Fatty acids and breast cancer: Sensitization to treatments and prevention of metastatic re-growth

Abstract

Lifestyle and nutritional factors have been recognized to influence breast cancer survival, irrespective of genomic alterations that are the hallmarks of the disease. The biological and molecular mechanisms involved in the effects of dietary polyunsaturated fatty acids and breast cancer response to treatments in clinical and preclinical studies have been reviewed. Among nutrients, rumenic acid, a naturally occurring CLA isomer and n-3 docosahexaenoic acid (DHA) a highly unsaturated fatty acid, have emerged due to their potential to increase cancer treatment efficacy without additional side effects. In this review, we analyze the literature evidence that breast cancer treatment and outcome could be improved through an adjuvant dietary supplementation. Such an original approach would involve two successive phases of breast cancer treatment: an initial sensitization of residual tumor cells to chemotherapy and to radiation therapy with dietary DHA; then a prevention of metastatic re-growth with a prolonged rumenic acid supplementation. Safety is not anticipated to be a critical issue, although it has to be assessed in the long term. Dietary supplements, used in combination to anti-cancer agents, should be provided under medical prescription.
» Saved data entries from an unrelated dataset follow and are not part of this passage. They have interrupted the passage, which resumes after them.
Lemma sum_mobius_dvd r b : 0 < r ->
  (\sum_(d <- divisors r) (mobius d)%:~R * (d %| b)%N%:R = (coprime b r)%:R :> algC)%R.
Proof.
move=> r_gt0; have g_gt0 : 0 < gcdn r b by rewrite gcdn_gt0 r_gt0.
rewrite (eq_bigr (fun d => if (d %| b)%N then (mobius d)%:~R else 0))%R => [|d _]; last first.
  by case: (d %| b)%N; rewrite ?mulr1 ?mulr0.
rewrite -big_mkcond -big_filter (perm_big (divisors (gcdn r b))).
  by rewrite sum_mobius // /coprime gcdnC.
apply: uniq_perm; rewrite ?filter_uniq ?divisors_uniq // => d.
by rewrite mem_filter -!dvdn_divisors // dvdn_gcd andbC.
Qed.

Definition mobius_multiples (r e : nat) : algC :=
  (\sum_(d <- divisors r | (e %| d)%N) (mobius d)%:~R / d%:R)%R.

(* Its closed form phi(r)/r * mu(e)/phi(e) (see mobius_multiplesE). *)
Definition totient_weight (r e : nat) : algC :=
  ((totient r)%:R / r%:R * ((mobius e)%:~R / (totient e)%:R))%R.

(* mobius_multiples is multiplicative: for r = a b with a, b coprime, the
   multiples of e split into multiples of gcd(e, a) and of gcd(e, b). *)
Lemma mobius_multiplesM a b e : 0 < a -> 0 < b -> coprime a b -> e %| a * b ->
  mobius_multiples (a * b) e =
  (mobius_multiples a (gcdn e a) * mobius_multiples b (gcdn e b))%R.
Proof.
move=> a_gt0 b_gt0 cop_ab e_ab.
have cop_dvd x y : x %| a -> y %| b -> coprime x y.
  by move=> xa yb; apply: coprime_dvdl xa (coprime_dvdr yb cop_ab).
have e_split := dvdn_coprime_split cop_ab e_ab.
rewrite /mobius_multiples big_mkcond sum_divisorsM // [in RHS]big_mkcond big_distrl.
apply: eq_big_seq => d1; rewrite -dvdn_divisors // => d1_a /=.
rewrite [in RHS]big_mkcond big_distrr /=.
apply: eq_big_seq => d2; rewrite -dvdn_divisors // => d2_b.
have -> : (e %| d1 * d2) = (gcdn e a %| d1) && (gcdn e b %| d2).
  rewrite {1}e_split Gauss_dvd ?cop_dvd ?dvdn_gcdr //.
  rewrite Gauss_dvdl ?cop_dvd ?dvdn_gcdr // Gauss_dvdr // coprime_sym.
  by rewrite cop_dvd ?dvdn_gcdr.
rewrite mobiusM ?(dvdn_gt0 a_gt0 d1_a) ?(dvdn_gt0 b_gt0 d2_b) ?cop_dvd //.
rewrite intrM natrM invfM.
by case: (_ %| d1); case: (_ %| d2); rewrite /= ?mulr0 ?mul0r //; ring.
Qed.

Lemma totient_weightM a b e : 0 < a -> 0 < b -> coprime a b -> e %| a * b ->
  totient_weight (a * b) e =
  (totient_weight a (gcdn e a) * totient_weight b (gcdn e b))%R.
Proof.
move=> a_gt0 b_gt0 cop_ab e_ab.
have e_split := dvdn_coprime_split cop_ab e_ab.
have e_gt0 : 0 < e by apply: dvdn_gt0 e_ab; rewrite muln_gt0 a_gt0.
have cop_e : coprime (gcdn e a) (gcdn e b).
  exact: coprime_dvdl (dvdn_gcdr _ _) (coprime_dvdr (dvdn_gcdr _ _) cop_ab).
have [ea_gt0 eb_gt0] : 0 < gcdn e a /\ 0 < gcdn e b by rewrite !gcdn_gt0 e_gt0.
rewrite /totient_weight totient_coprime // {1 2}e_split.
rewrite mobiusM // totient_coprime // !natrM intrM !invfM; ring.
Qed.

Lemma mobius_multiples_pX p k j : prime p -> 0 < k -> j <= k ->
  mobius_multiples (p ^ k) (p ^ j) = totient_weight (p ^ k) (p ^ j).
Proof.
move=> p_pr k_gt0 j_le_k.
have p_gt1 := prime_gt1 p_pr; have p_gt0 := prime_gt0 p_pr.
rewrite /mobius_multiples big_mkcond sum_divisors_pX //.
rewrite (eq_bigr (fun i : 'I_k.+1 => (mobius (p ^ i))%:~R *
           ((j <= i)%:R / (p ^ i)%N%:R))%R) => [|i _]; last first.
  by rewrite dvdn_Pexp2l //; case: (j <= i); rewrite ?mul1r ?mul0r ?mulr0.
rewrite (sum_mobius_pX (fun m => (j <= m)%:R / (p ^ m)%N%:R)%R) //.
rewrite expn0 expn1 /totient_weight totient_pfactor // mobius_pX //.
have pR : (p%:R : algC)%R != 0%R by rewrite pnatr_eq0 -lt0n.
have p1R : (p%:R - 1 : algC)%R != 0%R.
  by rewrite subr_eq0 pnatr_eq1 gtn_eqF.
case: k k_gt0 j_le_k => // k _ j_le_k.
rewrite !natrM !natrX -subn1 natrB //= exprS.
case: j j_le_k => [|[|j]] j_le_k /=.
- by rewrite expn0 /= divr1; field; rewrite pR expf_neq0.
- rewrite expn1 totient_prime // -subn1 natrB //.
  by field; rewrite pR p1R expf_neq0.
- by rewrite !mul0r subrr mulr0.
Qed.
Such an original use of fatty acids in breast cancer treatment could provide the lipid field with a new avenue to impact public health.

Introduction

Dietary lipids are major determinants of the overall lipid composition of storage lipids and also of membrane lipids, as assessed during dietary intervention studies carried out in animals [1], [2], [3] and human [4], [5], [6], [7]. Due to the relation of the fatty acid composition of cell membrane phospholipids to cellular functions, the interest into the identification of the health effects of dietary changes in fatty acid intake has been growing.
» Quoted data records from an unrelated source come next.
(* Let $\mathcal{C}$ be an $[n,k,d]_q$ linear code with two $(r_i,\delta_i)_{i\in\{1,2\}}$ localities with respect to the sets $\mathcal{T}_1$, $\mathcal{T}_2=[n]\setminus\mathcal{T}_1$, where $n_i=|\mathcal{T}_i|$, $r_1\le r_2$ and $\delta_1\ge\delta_2\ge 2$. Put $\Delta=\lceil n_1/(r_1+\delta_1-1)\rceil(\delta_1-1)$. Suppose that $r_1\lceil n_1/(r_1+\delta_1-1)\rceil\le k-1$ and $r_1\lceil(\Delta-1)/(\delta_1-1)\rceil+(\Delta-1)<n_1$. Then $$\Phi(x)\le r_1\left\lceil\frac{x}{\delta_1-1}\right\rceil+x \quad\text{for } 0\le x\le\Delta,$$ and $$\Phi(x)\le r_1\left\lceil\frac{n_1}{r_1+\delta_1-1}\right\rceil+r_2\left\lceil\frac{x-\Delta}{\delta_2-1}\right\rceil+x\quad\text{for } \Delta\le x\le\rho+1,$$ where $\rho=\max\{x:\Phi(x)-x<k\}$.
   Context: $[n]=\{1,\dots,n\}$. For an $[n,k,d]_q$ linear code $\mathcal{C}$ with generator matrix $G$ whose columns are $\vec g_1,\dots,\vec g_n$, a regenerating set of coordinate $i$ is a subset $R\subseteq[n]$ with $i\in R$ such that $\vec g_i$ is an $\mathbb{F}_q$-linear combination of $\{\vec g_j\}_{j\in R\setminus\{i\}}$; regenerating sets are always taken to be minimal (no proper subset $R'\subsetneq R\setminus\{i\}$ has $\vec g_i$ in the span of $\{\vec g_j\}_{j\in R'}$). $\mathcal{R}_i$ denotes the collection of all regenerating sets of coordinate $i$. A sequence $R_1,\dots,R_m$ with $R_t\in\mathcal{R}_{l_t}$, $l_t\in[n]$, has a nontrivial union if $l_j\notin\bigcup_{t=1}^{j-1}R_t$ for all $1\le j\le m$. Define $\Phi(0)=0$ and, for $x\ge1$, $\Phi(x)=\min\{|\bigcup_{t=1}^xR_t| : R_t\in\mathcal{R}_{l_t},\ R_1,\dots,R_x\text{ have a nontrivial union}\}$. Two $(r_i,\delta_i)_{i\in\{1,2\}}$ localities: $\mathcal{T}_1\subseteq[n]$, $\mathcal{T}_2=[n]\setminus\mathcal{T}_1$, $r_1\le r_2$, $\delta_1\ge\delta_2\ge2$ integers, and for $i=1,2$ and each $\iota\in\mathcal{T}_i$ there is $S_\iota\subseteq\mathcal{T}_i$ with $\iota\in S_\iota$, $\delta_i\le|S_\iota|\le r_i+\delta_i-1$, such that for every $E\subseteq S_\iota$ with $|E|=\delta_i-1$ and every $j\in E$, $(S_\iota\setminus E)\cup\{j\}\in\mathcal{R}_j$. *)

From HB Require Import structures.
From mathcomp Require Import all_boot all_order all_algebra.
Set Implicit Arguments. Unset Strict Implicit. Unset Printing Implicit Defensive.
Import GRing.Theory Num.Theory.

Section Codes.
Variables (F : finFieldType) (k n : nat).
Implicit Types (G : 'M[F]_(k, n)).

Definition wt (v : 'rV[F]_n) : nat := #|[set j : 'I_n | v ord0 j != 0%R]|.

Definition is_min_dist G (d : nat) : Prop :=
  (exists2 u : 'rV[F]_k, (u != 0)%R & wt (u *m G) = d) /\
  (forall u : 'rV[F]_k, (u != 0)%R -> d <= wt (u *m G)).

Definition in_span G (S : {set 'I_n}) (i : 'I_n) : bool :=
  [exists c : {ffun 'I_n -> F}, col i G == (\sum_(j in S) c j *: col j G)%R].

Definition regen G (i : 'I_n) (R : {set 'I_n}) : bool :=
  [&& i \in R, in_span G (R :\ i) i &
      [forall R' : {set 'I_n}, (R' \proper (R :\ i)) ==> ~~ in_span G R' i]].

Definition nontriv_union G (x : nat) (t : x.-tuple ('I_n * {set 'I_n})) : bool :=
  [forall j : 'I_x, regen G (tnth t j).1 (tnth t j).2 &&
     ((tnth t j).1 \notin \bigcup_(s : 'I_x | s < j) (tnth t s).2)].

Definition union_of (x : nat) (t : x.-tuple ('I_n * {set 'I_n})) : {set 'I_n} :=
  \bigcup_(s : 'I_x) (tnth t s).2.

(* Phi(x) as an extended natural: None = +oo (min over an empty family) *)
Definition Phi G (x : nat) : option nat :=
  if [pick t : x.-tuple ('I_n * {set 'I_n}) | nontriv_union G t] is Some t0 then
    Some #|union_of [arg min_(t < t0 | nontriv_union G t) #|union_of t|]|
  else None.

Definition locality G (T : {set 'I_n}) (r delta : nat) : Prop :=
  forall iota, iota \in T -> exists S : {set 'I_n},
    [/\ S \subset T, iota \in S, delta <= #|S|, #|S| <= r + delta - 1 &
        forall E : {set 'I_n}, E \subset S -> #|E| = delta - 1 ->
          forall j, j \in E -> regen G j ((S :\: E) :|: [set j])].

End Codes.

Definition ceiln (a b : nat) : nat := (a + b.-1) %/ b.
Definition ceilz (a b : int) : int := (- ((- a) %/ b)%Z)%R.

From HB Require Import structures.
From mathcomp Require Import all_boot all_order all_algebra zify.
Import GRing.Theory Num.Theory.
Set Implicit Arguments.
Unset Strict Implicit.
Unset Printing Implicit Defensive.

(** The bounds come from explicit families of regenerating sets with a
    nontrivial union, built greedily from the local groups.  Picking an
    uncovered coordinate [i] of [T1] and an erasure pattern [E] of size
    [delta1 - 1] containing [i] inside its local group [S], the set
    [(S :\: E) :|: [set i]] regenerates [i] at the price of at most [r1 + 1]
    new coordinates, after which every other member [j] of [E] is regenerated
    by [(S :\: E) :|: [set j]] at the price of one coordinate.  Hence each
    block of [delta1 - 1] steps costs at most [r1] coordinates beyond the
    steps themselves, and the hypothesis on [Delta] guarantees that [T1] is
    not exhausted during the first [Delta] steps.  Afterwards the same
    process runs over all coordinates with the weaker parameters
    [(r2, delta2)].  Should it cover all [n] coordinates too early, the
    bound exceeds [n], which still bounds [Phi x] for [x <= rho + 1]: the
    heads of a nontrivial union are spanned by the remaining columns, so
    [rank G + x <= n], and therefore a family realising [Phi rho] leaves a
    coordinate uncovered and extends by one more regenerating set. *)

Lemma leq_ceiln a b c : a <= b -> ceiln a c <= ceiln b c.
Proof. by move=> le_ab; rewrite leq_div2r ?leq_add2r. Qed.

Lemma ceilnMl a b : 0 < b -> ceiln (a * b) b = a.
Proof.
by move=> b_gt0; rewrite /ceiln divnMDl // divn_small ?addn0 // ltn_predL.
Qed.

Lemma ceiln_bounds a b : 0 < b -> a <= ceiln a b * b < a + b.
Proof.
move=> b_gt0; rewrite /ceiln.
have := leq_divM (a + b.-1) b; have := ltn_ceil (a + b.-1) b_gt0.
lia.
Qed.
Polyunsaturated fatty acids (PUFAs) are a subclass of bioactive components (see http://www.lipidmaps.org/) divided in two groups (n-6 and n-3 fatty acids) which have been studied in the context of cancer prevention. The n-6 series includes a precursor, linoleic acid (LA, 18:2n-6), abundant in food of animal origin, in vegetables and in oils such as sunflower, soy bean and grape seed. It also comprises the arachidonic acid (AA, 20:4n-6), which is a substrate of specific lipid oxygenases to form bioactive inflammatory mediators, and the gamma-linolenic acid (GLA, 18:3n-6) found in several vegetable sources. The n-3 series includes an essential fatty acid, the alpha-linolenic acid (ALA, 18:3n-3) found in green vegetables and in several oils (colza, soybean), and highly unsaturated derivatives such as the eicosapentaenoic acid (EPA, 20:5n-3) and the docosahexaenoic acid (DHA, 22:6n-3). Those are ubiquitous in mammals and abundant in seafood and marine products. n-3 and n-6 fatty acids participate to the biosynthesis of bioactive oxygenated derivatives.
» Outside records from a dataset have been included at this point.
(* Let $\lambda,\mu>0$, let $X$ be the stationary birth–death process with rates $\lambda_n=\lambda$, $\mu_n=\mu n$ (marginal Poisson with mean $\lambda/\mu$), and $\Lambda(t)=\exp\{X(t)-\frac{\lambda}{\mu}(e-1)\}$. Then there is a constant $c>0$ such that for all $\tau\in\mathbb{R}$, $$c\,e^{-\mu|\tau|}\le \operatorname{Cov}(\Lambda(t),\Lambda(t+\tau))\le \operatorname{Var}(\Lambda(0))\,e^{-\mu|\tau|}.$$
   Context: The birth–death process is started in its stationary (Poisson) distribution, so $\Lambda$ is strictly stationary. *)

From Stdlib Require Import Reals Arith.
Open Scope R_scope.

Definition rho (lam mu : R) : R := lam / mu.

Definition pi_st (lam mu : R) (n : nat) : R :=
  exp (- rho lam mu) * rho lam mu ^ n / INR (Factorial.fact n).

(* Lambda(t) = f(X(t)) with f(n) = exp{n - (lambda/mu)(e-1)}. *)
Definition Lf (lam mu : R) (n : nat) : R :=
  exp (INR n - rho lam mu * (exp 1 - 1)).

(* (Q g)(n) = lambda (g(n+1) - g(n)) + mu n (g(n-1) - g(n)); the n = 0 death
   term vanishes because mu*0 = 0. *)
Definition backward_rhs (lam mu : R) (P : R -> nat -> nat -> R)
  (t : R) (n m : nat) : R :=
  lam * P t (S n) m + mu * INR n * P t (Nat.pred n) m
  - (lam + mu * INR n) * P t n m.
Among other fatty acids with relevance to cancer prevention are the conjugated linoleic acids (CLA). CLA is a generic term to describe positional and geometrical isomers of linoleic acid with a conjugated double bond system. CLA are naturally present in many food items, including dairy products and meat from ruminants [8], where their biosynthesis results from biohydrogenation of polyunsaturated fatty acids (linoleic or alpha-linolenic acids) by the rumen flora. The principal isomer formed in ruminants is the cis-9, trans-11 CLA, also named rumenic acid. It represents 80–90% of CLA in milk products. This isomer can also be produced, in animals and humans, from the bioconversion (delta-9 desaturation) of vaccenic acid (trans-11 18:1) [9]. In the food industry, the main isomers produced are trans–trans: trans-10, trans-12 and trans-9, trans-11 CLA. Specific mixtures of different isomers such as cis-9, trans-11 and trans-10, cis-12 have been chemically synthesized and are available for preclinical or clinical studies.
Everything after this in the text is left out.